■ What is needed ■
Starting with the line containing "have card_sep (P" and going on through the line containing "Variables (R : realFieldType)", return the lines of the data below exactly, and only those.

[Stored items]
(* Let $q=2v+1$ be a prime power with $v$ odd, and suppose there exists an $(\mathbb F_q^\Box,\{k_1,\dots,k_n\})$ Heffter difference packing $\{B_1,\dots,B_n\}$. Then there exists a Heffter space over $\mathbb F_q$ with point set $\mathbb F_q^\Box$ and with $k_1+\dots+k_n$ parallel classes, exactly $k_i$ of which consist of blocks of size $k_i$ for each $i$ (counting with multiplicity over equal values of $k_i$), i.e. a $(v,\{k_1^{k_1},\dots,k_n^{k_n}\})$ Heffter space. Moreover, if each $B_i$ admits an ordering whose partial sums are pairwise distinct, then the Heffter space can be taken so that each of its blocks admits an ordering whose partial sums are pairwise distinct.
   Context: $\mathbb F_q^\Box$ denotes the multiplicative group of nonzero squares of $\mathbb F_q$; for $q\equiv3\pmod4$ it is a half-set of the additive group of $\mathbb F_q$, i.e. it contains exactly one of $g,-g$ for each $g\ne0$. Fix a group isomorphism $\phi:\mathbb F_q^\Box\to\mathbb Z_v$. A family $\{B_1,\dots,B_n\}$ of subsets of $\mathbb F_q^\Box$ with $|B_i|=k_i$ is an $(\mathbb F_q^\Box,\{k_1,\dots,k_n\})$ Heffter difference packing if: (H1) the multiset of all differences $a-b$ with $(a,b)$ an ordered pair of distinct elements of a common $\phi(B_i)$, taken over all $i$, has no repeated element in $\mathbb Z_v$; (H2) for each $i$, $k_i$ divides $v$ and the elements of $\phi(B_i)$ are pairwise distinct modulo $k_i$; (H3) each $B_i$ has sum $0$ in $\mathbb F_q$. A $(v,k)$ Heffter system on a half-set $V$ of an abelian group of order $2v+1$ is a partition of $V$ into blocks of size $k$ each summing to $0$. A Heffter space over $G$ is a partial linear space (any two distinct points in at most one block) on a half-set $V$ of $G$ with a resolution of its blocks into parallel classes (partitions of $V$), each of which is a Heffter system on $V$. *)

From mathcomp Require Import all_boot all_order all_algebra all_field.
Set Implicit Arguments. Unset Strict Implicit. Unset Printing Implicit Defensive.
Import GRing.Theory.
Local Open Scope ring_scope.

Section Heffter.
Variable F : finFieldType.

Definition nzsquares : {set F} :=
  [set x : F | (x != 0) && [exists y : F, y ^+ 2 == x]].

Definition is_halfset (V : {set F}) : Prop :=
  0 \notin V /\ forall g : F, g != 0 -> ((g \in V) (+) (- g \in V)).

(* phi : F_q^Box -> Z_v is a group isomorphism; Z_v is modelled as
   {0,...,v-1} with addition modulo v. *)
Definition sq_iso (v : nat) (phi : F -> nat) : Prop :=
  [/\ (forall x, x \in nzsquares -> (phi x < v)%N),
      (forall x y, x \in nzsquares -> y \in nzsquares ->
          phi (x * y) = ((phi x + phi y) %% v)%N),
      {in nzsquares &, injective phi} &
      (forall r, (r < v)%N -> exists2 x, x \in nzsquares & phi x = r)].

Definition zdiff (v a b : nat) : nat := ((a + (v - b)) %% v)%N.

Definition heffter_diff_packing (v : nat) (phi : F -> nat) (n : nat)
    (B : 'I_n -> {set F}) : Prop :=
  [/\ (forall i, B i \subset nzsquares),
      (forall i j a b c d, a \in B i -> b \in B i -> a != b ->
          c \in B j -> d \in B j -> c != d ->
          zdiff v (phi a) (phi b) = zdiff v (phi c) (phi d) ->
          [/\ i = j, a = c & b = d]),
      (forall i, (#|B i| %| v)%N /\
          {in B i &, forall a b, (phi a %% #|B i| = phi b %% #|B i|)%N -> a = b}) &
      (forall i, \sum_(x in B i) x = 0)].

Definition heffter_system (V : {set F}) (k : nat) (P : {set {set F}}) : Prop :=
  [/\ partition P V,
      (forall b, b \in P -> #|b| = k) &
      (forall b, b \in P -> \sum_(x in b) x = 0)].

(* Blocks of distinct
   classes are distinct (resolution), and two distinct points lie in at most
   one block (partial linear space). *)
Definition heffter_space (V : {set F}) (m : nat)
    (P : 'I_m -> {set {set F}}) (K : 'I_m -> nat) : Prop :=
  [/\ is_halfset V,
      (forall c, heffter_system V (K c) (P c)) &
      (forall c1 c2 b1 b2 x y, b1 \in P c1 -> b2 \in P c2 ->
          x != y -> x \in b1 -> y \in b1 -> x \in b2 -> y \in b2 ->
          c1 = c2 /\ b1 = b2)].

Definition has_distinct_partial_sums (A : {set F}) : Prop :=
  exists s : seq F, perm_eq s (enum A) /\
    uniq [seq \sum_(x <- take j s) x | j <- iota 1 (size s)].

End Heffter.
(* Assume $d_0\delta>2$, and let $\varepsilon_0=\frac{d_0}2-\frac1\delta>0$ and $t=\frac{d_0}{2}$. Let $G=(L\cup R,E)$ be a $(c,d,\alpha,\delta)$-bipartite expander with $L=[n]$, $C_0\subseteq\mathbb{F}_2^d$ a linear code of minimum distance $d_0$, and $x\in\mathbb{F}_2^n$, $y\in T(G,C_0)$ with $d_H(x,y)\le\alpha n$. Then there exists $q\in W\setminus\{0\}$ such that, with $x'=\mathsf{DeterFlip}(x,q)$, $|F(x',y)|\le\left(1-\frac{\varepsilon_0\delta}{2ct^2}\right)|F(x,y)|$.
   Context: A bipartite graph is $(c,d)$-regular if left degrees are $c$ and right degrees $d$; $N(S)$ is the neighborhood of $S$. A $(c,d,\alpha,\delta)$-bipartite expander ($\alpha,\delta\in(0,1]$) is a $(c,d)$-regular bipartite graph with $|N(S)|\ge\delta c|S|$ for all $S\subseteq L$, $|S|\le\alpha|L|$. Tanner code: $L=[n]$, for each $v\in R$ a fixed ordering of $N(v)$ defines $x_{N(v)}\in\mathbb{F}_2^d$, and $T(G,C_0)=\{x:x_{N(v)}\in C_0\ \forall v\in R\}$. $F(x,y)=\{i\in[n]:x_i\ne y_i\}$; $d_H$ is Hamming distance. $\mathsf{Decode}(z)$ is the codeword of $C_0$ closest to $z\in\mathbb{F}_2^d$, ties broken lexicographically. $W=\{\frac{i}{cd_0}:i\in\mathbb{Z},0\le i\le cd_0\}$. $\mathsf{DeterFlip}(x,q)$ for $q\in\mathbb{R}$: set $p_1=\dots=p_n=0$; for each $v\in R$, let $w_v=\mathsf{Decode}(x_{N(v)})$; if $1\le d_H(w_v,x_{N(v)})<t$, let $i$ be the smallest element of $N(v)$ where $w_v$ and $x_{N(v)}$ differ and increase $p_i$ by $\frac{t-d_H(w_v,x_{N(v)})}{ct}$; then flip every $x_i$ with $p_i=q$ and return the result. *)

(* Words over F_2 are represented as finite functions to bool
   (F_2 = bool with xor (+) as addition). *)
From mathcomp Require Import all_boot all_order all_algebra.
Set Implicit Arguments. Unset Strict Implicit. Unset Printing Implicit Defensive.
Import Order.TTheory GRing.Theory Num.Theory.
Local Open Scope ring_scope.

--

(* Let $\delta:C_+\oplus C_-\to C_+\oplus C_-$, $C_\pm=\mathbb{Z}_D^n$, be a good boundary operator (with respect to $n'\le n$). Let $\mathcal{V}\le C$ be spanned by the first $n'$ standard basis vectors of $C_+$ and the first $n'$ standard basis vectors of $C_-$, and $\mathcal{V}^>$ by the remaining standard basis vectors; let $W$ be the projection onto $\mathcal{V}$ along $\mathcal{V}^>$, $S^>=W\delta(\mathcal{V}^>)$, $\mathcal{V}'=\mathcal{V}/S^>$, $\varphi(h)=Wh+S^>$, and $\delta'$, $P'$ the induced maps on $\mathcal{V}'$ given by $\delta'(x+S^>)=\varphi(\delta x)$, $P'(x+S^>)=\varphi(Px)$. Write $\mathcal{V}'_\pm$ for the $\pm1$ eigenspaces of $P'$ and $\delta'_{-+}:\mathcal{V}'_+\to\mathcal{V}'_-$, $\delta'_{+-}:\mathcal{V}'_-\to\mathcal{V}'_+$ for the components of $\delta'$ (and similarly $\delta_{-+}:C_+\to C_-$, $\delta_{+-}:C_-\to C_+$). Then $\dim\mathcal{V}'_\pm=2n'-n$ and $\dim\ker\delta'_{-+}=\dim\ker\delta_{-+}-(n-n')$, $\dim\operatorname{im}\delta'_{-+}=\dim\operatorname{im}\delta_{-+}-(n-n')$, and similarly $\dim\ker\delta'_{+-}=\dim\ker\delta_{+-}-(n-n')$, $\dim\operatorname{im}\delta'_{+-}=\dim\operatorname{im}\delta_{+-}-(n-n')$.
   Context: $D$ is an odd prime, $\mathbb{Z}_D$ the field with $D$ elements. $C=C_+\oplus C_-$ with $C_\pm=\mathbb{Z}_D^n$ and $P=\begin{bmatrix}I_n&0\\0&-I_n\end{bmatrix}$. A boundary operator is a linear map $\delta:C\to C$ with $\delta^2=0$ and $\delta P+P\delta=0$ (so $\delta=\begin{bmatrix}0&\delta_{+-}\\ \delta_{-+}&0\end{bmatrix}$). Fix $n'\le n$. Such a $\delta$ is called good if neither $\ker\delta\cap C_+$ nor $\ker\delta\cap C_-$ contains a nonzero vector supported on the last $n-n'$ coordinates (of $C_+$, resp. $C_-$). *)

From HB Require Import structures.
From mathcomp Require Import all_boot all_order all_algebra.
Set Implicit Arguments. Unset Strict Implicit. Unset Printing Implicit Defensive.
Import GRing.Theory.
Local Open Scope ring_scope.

---

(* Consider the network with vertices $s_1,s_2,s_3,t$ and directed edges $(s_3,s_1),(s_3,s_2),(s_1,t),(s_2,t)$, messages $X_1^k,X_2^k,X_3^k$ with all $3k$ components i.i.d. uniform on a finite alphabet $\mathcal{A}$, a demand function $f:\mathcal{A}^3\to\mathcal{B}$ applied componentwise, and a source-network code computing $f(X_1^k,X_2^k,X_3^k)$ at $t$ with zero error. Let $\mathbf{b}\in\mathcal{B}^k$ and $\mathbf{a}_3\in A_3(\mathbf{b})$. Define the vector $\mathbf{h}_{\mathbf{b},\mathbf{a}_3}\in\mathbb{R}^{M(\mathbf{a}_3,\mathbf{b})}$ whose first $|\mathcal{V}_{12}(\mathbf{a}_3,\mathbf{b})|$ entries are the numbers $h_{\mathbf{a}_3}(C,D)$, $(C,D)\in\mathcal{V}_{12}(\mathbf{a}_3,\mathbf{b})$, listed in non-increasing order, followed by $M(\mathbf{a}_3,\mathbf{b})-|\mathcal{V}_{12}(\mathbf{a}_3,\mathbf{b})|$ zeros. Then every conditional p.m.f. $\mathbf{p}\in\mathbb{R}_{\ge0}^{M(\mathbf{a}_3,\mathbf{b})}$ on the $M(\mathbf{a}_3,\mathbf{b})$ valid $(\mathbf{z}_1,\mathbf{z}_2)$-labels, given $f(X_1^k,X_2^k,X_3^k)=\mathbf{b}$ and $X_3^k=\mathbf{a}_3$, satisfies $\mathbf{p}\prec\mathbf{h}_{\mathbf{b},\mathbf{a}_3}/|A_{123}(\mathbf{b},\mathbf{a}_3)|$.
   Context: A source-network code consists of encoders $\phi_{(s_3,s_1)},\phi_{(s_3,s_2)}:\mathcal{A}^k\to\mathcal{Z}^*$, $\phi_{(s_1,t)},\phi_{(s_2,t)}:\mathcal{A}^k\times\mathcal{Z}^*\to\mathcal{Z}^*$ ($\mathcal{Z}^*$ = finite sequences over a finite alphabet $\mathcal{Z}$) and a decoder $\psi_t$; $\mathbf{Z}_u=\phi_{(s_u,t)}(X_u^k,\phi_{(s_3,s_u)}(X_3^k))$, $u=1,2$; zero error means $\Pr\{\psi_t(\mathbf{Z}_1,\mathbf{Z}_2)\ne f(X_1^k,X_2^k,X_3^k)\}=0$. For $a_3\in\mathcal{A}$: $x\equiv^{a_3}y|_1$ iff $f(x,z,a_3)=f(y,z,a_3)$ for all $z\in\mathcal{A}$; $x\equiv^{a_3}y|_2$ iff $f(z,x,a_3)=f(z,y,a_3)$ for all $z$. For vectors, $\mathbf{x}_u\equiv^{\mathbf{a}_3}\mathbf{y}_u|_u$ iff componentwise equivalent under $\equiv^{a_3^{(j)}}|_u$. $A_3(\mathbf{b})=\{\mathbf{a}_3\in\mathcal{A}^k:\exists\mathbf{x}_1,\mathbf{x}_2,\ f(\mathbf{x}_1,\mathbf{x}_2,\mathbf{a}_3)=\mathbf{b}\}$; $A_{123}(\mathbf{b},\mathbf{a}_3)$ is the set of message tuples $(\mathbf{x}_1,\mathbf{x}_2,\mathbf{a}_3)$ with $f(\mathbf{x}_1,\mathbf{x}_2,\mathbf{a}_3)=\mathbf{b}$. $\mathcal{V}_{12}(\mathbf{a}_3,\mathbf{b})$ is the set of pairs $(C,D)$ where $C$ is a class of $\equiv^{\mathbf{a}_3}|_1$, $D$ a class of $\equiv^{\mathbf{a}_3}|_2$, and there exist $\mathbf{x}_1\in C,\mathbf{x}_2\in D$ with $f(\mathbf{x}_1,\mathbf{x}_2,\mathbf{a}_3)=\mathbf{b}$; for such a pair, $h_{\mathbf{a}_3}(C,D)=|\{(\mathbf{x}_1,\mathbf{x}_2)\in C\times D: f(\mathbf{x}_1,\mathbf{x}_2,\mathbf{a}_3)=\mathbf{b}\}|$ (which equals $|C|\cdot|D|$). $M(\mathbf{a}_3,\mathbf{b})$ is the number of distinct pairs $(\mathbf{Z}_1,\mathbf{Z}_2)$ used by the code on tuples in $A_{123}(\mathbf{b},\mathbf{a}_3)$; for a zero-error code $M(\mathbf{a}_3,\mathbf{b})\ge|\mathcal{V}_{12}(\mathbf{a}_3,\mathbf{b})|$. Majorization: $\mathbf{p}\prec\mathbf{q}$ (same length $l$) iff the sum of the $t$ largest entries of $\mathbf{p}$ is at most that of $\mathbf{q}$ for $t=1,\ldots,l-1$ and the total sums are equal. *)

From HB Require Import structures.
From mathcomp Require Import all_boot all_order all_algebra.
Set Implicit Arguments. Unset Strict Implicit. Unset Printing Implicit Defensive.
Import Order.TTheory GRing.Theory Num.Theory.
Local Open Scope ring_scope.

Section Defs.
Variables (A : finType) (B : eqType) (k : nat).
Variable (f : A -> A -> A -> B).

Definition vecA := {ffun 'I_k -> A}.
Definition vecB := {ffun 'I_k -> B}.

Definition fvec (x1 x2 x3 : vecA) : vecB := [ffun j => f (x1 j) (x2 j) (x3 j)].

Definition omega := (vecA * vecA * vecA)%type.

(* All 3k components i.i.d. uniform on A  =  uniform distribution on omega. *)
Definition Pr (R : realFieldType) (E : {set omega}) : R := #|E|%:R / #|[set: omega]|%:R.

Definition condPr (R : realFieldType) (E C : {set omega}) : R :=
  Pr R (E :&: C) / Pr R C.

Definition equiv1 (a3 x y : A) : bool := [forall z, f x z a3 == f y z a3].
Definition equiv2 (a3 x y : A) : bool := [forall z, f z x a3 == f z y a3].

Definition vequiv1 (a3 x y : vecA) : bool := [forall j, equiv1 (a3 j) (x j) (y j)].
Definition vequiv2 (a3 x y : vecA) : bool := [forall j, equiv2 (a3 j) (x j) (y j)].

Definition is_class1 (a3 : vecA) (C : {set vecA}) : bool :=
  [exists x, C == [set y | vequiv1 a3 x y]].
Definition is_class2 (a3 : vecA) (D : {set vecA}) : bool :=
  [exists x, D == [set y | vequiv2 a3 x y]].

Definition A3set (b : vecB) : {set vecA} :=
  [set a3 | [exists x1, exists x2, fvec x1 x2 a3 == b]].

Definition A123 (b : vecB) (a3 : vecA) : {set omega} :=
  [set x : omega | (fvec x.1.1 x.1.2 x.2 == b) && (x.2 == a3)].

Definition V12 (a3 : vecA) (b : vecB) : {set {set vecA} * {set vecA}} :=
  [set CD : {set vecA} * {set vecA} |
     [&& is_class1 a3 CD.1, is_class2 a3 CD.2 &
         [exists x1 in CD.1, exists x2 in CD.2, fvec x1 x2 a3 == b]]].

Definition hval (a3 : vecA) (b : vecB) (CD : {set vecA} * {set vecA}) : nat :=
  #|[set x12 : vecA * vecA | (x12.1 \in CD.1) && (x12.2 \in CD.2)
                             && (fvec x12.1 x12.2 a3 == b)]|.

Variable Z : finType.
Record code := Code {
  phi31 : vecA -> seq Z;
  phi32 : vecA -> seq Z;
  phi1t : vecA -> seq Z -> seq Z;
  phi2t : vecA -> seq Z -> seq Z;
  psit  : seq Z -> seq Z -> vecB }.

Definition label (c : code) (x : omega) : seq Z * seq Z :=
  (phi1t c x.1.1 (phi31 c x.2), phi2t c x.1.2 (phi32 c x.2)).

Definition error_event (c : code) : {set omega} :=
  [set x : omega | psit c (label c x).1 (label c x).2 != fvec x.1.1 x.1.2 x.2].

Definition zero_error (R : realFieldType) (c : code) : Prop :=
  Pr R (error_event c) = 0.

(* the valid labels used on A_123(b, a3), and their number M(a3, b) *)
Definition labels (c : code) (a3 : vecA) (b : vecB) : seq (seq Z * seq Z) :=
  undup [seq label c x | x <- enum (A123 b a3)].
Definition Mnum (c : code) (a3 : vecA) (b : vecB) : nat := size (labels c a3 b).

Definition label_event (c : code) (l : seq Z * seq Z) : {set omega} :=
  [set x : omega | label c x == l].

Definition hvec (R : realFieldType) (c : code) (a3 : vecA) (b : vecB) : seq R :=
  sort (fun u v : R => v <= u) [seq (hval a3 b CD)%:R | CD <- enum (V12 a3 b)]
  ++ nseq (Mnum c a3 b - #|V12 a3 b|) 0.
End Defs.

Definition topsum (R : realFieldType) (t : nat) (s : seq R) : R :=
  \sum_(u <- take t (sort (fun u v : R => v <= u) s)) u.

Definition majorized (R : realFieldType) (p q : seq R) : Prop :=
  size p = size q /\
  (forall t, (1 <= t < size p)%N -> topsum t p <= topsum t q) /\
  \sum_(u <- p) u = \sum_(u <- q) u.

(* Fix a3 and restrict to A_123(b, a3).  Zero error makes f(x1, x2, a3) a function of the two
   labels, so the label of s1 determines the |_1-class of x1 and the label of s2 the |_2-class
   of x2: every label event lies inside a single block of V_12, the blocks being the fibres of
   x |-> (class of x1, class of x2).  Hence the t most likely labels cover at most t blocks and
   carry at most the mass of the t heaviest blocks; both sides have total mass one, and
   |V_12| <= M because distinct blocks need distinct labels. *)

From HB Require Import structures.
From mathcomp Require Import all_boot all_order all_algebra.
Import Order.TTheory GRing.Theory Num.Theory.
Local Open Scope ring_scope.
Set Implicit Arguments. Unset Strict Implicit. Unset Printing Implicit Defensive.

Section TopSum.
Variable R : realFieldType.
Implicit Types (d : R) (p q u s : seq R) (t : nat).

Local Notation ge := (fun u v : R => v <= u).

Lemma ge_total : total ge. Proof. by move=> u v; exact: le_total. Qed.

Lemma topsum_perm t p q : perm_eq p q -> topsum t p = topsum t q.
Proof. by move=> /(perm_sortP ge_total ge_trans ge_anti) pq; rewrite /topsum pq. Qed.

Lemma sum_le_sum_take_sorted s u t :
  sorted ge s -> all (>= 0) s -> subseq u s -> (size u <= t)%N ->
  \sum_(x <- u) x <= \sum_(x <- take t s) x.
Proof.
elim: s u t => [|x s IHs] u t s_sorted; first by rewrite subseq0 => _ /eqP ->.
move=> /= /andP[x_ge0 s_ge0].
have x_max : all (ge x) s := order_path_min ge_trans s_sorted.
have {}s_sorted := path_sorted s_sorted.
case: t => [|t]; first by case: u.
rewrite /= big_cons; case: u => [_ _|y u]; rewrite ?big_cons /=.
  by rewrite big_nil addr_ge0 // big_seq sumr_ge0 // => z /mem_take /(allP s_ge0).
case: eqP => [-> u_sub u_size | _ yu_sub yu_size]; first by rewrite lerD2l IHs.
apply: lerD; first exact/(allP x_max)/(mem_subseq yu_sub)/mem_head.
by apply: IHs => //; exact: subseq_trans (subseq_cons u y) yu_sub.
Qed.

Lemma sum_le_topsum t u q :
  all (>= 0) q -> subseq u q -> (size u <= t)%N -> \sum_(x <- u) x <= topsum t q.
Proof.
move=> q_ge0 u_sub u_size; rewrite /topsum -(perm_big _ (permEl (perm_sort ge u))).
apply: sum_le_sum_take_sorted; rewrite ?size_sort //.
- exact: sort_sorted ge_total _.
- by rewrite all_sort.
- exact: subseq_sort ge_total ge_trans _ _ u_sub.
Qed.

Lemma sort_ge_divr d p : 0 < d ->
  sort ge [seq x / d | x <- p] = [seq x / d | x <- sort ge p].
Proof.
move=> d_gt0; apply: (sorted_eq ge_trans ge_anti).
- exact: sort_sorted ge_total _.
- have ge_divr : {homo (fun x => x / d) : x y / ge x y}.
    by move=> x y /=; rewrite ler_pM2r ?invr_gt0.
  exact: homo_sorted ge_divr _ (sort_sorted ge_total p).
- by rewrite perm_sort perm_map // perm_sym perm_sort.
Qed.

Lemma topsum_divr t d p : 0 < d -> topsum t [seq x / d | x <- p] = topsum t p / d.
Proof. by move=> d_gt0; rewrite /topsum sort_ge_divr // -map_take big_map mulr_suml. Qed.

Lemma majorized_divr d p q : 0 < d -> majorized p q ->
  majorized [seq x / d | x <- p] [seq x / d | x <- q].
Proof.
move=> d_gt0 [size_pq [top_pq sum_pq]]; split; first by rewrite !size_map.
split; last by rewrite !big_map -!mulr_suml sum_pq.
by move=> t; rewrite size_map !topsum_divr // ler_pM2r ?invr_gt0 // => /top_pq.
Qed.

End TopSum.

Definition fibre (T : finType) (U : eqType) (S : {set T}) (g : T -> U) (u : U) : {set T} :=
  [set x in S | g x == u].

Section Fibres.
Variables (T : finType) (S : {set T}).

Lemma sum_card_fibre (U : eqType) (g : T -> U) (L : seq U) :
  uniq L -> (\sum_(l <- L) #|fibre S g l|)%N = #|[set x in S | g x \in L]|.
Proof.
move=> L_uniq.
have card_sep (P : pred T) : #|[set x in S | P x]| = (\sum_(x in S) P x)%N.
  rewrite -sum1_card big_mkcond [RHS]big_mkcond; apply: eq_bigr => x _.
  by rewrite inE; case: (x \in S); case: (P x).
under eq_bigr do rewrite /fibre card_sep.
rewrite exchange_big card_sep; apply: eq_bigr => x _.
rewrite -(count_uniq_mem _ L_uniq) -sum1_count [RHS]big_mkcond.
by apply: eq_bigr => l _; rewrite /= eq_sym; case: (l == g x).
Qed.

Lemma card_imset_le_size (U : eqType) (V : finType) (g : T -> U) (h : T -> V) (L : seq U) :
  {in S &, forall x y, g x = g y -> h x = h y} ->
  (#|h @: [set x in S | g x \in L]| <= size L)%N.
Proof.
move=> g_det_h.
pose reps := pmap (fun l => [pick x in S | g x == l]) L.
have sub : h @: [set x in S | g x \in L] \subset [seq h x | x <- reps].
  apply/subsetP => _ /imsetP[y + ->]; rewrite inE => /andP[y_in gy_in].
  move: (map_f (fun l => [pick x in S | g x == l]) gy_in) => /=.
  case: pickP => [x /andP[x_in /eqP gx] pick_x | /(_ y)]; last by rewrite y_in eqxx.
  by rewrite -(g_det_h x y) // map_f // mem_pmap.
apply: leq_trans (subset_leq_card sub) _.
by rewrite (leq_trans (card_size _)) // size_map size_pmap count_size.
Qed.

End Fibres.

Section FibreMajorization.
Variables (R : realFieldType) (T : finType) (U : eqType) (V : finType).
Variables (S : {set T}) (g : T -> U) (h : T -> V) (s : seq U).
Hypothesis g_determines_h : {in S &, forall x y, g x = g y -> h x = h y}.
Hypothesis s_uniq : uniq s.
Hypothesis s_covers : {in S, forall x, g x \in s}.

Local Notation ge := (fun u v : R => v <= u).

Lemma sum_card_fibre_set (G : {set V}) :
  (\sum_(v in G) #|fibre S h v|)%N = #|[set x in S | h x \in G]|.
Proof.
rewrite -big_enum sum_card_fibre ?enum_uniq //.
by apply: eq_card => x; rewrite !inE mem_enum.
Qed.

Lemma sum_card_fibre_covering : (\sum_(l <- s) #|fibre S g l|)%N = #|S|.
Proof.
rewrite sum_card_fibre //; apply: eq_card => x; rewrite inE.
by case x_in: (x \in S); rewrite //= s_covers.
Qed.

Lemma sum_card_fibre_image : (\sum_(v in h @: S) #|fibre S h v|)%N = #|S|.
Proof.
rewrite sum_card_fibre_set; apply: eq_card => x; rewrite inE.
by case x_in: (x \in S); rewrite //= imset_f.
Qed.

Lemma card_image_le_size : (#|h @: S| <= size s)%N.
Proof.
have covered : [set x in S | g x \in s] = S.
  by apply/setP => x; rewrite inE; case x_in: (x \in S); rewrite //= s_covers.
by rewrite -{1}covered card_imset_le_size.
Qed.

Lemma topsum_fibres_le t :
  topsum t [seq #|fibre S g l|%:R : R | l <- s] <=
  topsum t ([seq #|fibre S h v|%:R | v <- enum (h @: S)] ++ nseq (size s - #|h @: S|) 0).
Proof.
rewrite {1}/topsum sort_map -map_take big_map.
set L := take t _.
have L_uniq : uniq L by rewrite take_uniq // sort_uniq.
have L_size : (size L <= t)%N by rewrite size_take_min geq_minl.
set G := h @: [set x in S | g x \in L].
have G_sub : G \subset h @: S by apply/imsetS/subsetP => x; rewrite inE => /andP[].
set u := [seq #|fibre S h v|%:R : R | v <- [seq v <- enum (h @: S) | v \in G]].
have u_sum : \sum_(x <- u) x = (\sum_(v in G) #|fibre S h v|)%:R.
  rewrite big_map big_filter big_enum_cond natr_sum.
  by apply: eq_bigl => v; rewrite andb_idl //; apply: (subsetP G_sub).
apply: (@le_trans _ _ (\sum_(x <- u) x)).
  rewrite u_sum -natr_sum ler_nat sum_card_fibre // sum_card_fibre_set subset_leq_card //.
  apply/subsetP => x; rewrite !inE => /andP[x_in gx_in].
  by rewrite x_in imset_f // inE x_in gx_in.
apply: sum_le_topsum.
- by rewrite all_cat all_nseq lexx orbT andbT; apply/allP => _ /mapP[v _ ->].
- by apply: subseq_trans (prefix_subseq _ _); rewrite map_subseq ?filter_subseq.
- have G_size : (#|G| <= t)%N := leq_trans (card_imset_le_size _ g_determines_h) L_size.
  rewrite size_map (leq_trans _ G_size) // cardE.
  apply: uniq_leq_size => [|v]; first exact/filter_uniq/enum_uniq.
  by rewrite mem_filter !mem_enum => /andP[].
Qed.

■ Result for this task ■
have card_sep (P : pred T) : #|[set x in S | P x]| = (\sum_(x in S) P x)%N.
  rewrite -sum1_card big_mkcond [RHS]big_mkcond; apply: eq_bigr => x _.
  by rewrite inE; case: (x \in S); case: (P x).
under eq_bigr do rewrite /fibre card_sep.
rewrite exchange_big card_sep; apply: eq_bigr => x _.
rewrite -(count_uniq_mem _ L_uniq) -sum1_count [RHS]big_mkcond.
by apply: eq_bigr => l _; rewrite /= eq_sym; case: (l == g x).
Qed.

Lemma card_imset_le_size (U : eqType) (V : finType) (g : T -> U) (h : T -> V) (L : seq U) :
  {in S &, forall x y, g x = g y -> h x = h y} ->
  (#|h @: [set x in S | g x \in L]| <= size L)%N.
Proof.
move=> g_det_h.
pose reps := pmap (fun l => [pick x in S | g x == l]) L.
have sub : h @: [set x in S | g x \in L] \subset [seq h x | x <- reps].
  apply/subsetP => _ /imsetP[y + ->]; rewrite inE => /andP[y_in gy_in].
  move: (map_f (fun l => [pick x in S | g x == l]) gy_in) => /=.
  case: pickP => [x /andP[x_in /eqP gx] pick_x | /(_ y)]; last by rewrite y_in eqxx.
  by rewrite -(g_det_h x y) // map_f // mem_pmap.
apply: leq_trans (subset_leq_card sub) _.
by rewrite (leq_trans (card_size _)) // size_map size_pmap count_size.
Qed.

End Fibres.

Section FibreMajorization.
Variables (R : realFieldType) (T : finType) (U : eqType) (V : finType).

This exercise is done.